Happy New Year from an ancient lurker! Let me start with the TL;DR version (and apologize in advance for being an idiot):
I received an “Ebay refurbished” Pixel 8 as a gift for the purposes of installing GrapheneOS. I went through the setup process offline (no wifi/SIM), triggered a factory reset, repeated the setup process offline, held the power button down expecting to bring up the power menu, and instead got Google Assistant which briefly recommended “f***ing kill me” as I tried to close it (I’m not sure offhand how this forum handles profanity, so I’m just trying to keep my post from getting held up here).
I’m baffled, concerned, and would rather not connect this thing to my PC without some reassurance. I’m hoping one of you guys and gals has some insight on what is happening, how it’s happening, and whether or not it makes any practical sense to worry about the device itself being compromised.
For a bit more unnecessary detail about myself and the issue:
I’ve been lurking around this community since the PrivacyTools sub-reddit days but have never gotten around to posting, so this has really been a long time coming. I do wish I could choose something between “beginner” and “intermediate”, as I’m not necessarily confident enough in the latter (as this post would exemplify) but have been following the topic way too long to be the former. I also wish my first post had been contributing useful information rather than asking for it, but this event put me in an awkward position. I’ve learned a ton from this community over the years and put a lot of stake in its collective knowledge, so I hope to give back to the extent I can in the future.
As for the device, it’s a vanilla Pixel 8 which, as I mentioned, was part of Ebay’s official refurbished program, which I’m assuming means slightly more than nothing. When I turned it on for the first time, it started the setup wizard, as expected, but since another factory reset would be easy to do and give me just a smidge more peace of mind, I did just that. I did the bare-minimum setup offline without a SIM, turned on airplane mode as soon as I could, then did the factory reset (which went oddly fast; I’m not sure it even rebooted) and repeated the process.
Since the whole point was to install GrapheneOS and not to use the device as-is, I went to turn it off, not realizing that holding the power button now triggers Google Assistant, which I have no experience with whatsoever (I’ve spent years going out of my way to avoid Google services). Trying to get rid of the useless pop-up seemed to trigger the aforementioned “suggestion” for a split-second before it closed. It was still offline (or about as offline as I could reasonably expect) at that point, so seeing something like that immediately after a factory reset completely threw me.
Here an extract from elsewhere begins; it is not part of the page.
(* Let $n\ge2$ and let $X_1,\dots,X_n$ be operators in a complex Hilbert space $\mathcal{H}$, each Hermitian or skew-Hermitian, defined on a common invariant domain $D$. Let $m$ be a sequence of positive numbers satisfying (A0), (A1), (A2) and (A3'): there is $L\ge1$ with $p\,m_{p-1}\le L\,m_p$ for all $p\ge1$; set $m^{(1)}=\dots=m^{(n)}=m$, $\mathbf{m}=(m,\dots,m)$ ($n$ entries), $\mathbf{m}'=(m,\dots,m)$ ($n-1$ entries), $\mathbf{X}=(X_1,\dots,X_n)$, $\mathbf{X}'=(X_1,\dots,X_{n-1})$. If $[X_j,X_n]\in\mathrm{span}\{X_1,\dots,X_n\}$ (on $D$) for every $j\in\{1,\dots,n-1\}$, then $u\in D$ belongs to $\mathcal{S}_{\mathbf{m}}(\mathbf{X})$ if and only if $u\in\mathcal{S}_{\mathbf{m}'}(\mathbf{X}')\cap\mathcal{S}_m(X_n)$.
   Context: A common invariant domain $D$ means $D\subset\mathrm{Dom}(X_j)$ and $X_jD\subset D$ for all $j$. Notation: for $N\ge1$, $M(N)=\bigcup_{k\ge1}\{1,\dots,N\}^k$; for $\alpha=(i_1,\dots,i_k)$, $|\alpha|=k$, $|\alpha|_j=\mathrm{card}\{l:i_l=j\}$. For operators $\mathbf{Y}=(Y_1,\dots,Y_N)$, $\mathbf{Y}_\alpha=Y_{i_1}\cdots Y_{i_k}$ and $C^\infty(\mathbf{Y})=\{u: u\in\mathrm{Dom}(\mathbf{Y}_\alpha)\ \forall\alpha\in M(N)\}$. For sequences $\mathbf{p}=(p^{(1)},\dots,p^{(N)})$, $\mathbf{p}_\alpha=p^{(1)}_{|\alpha|_1}\cdots p^{(N)}_{|\alpha|_N}$ and $\mathcal{S}_{\mathbf{p}}(\mathbf{Y})=\{u\in C^\infty(\mathbf{Y}):\exists A,C>0,\ \|\mathbf{Y}_\alpha u\|\le CA^{|\alpha|}\mathbf{p}_\alpha\ \forall\alpha\in M(N)\}$ (for a single operator $Y$ and sequence $m$: $\|Y^ku\|\le CA^km_k$ for all $k\ge1$). Conditions: (A0) $m_0=m_1=1$; (A1) $m_p^2\le m_{p-1}m_{p+1}$ for $p\ge1$; (A2) there is $H>0$ with $m_{p+q}\le H^{p+q}m_pm_q$ for all $p,q\in\mathbb{N}$. *)

From mathcomp Require Import all_boot all_order all_algebra.
From mathcomp Require Import all_reals.
From mathcomp Require Export complex.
At this point I’ve rebooted the device, put it in OEM-unlocked mode (which required briefly connecting to my Wifi network) and turned it off. Pulling up Google Assistant in the same fashion hasn’t produced similar results since then (I was recommended to set an alarm, for example). I was going to go ahead and start setting up GOS anyway, but thought I was better of asking here before doing something I might regret (connecting the “f****ing kill me” device to my self-built Fedora PC doesn’t sound great on face value).
I’m really hoping someone here can offer some insight on this. Duckduckgo was about as unhelpful as it usually is for me these days, but its AI summarizer managed to pull [something] from [some source] that the assistant may show “strange” residual data after a factory reset. IF this is true, how? If the device’s encryption key gets tossed out after a factory reset (which would presumably reboot the device, but maybe this is not guaranteed), where was this hiding? I could see a bored IT guy typing that in while “testing” the device, but how did I see it after having to go through the setup wizard twice?
Thanks for reading, and again, my apologies for the idiocy.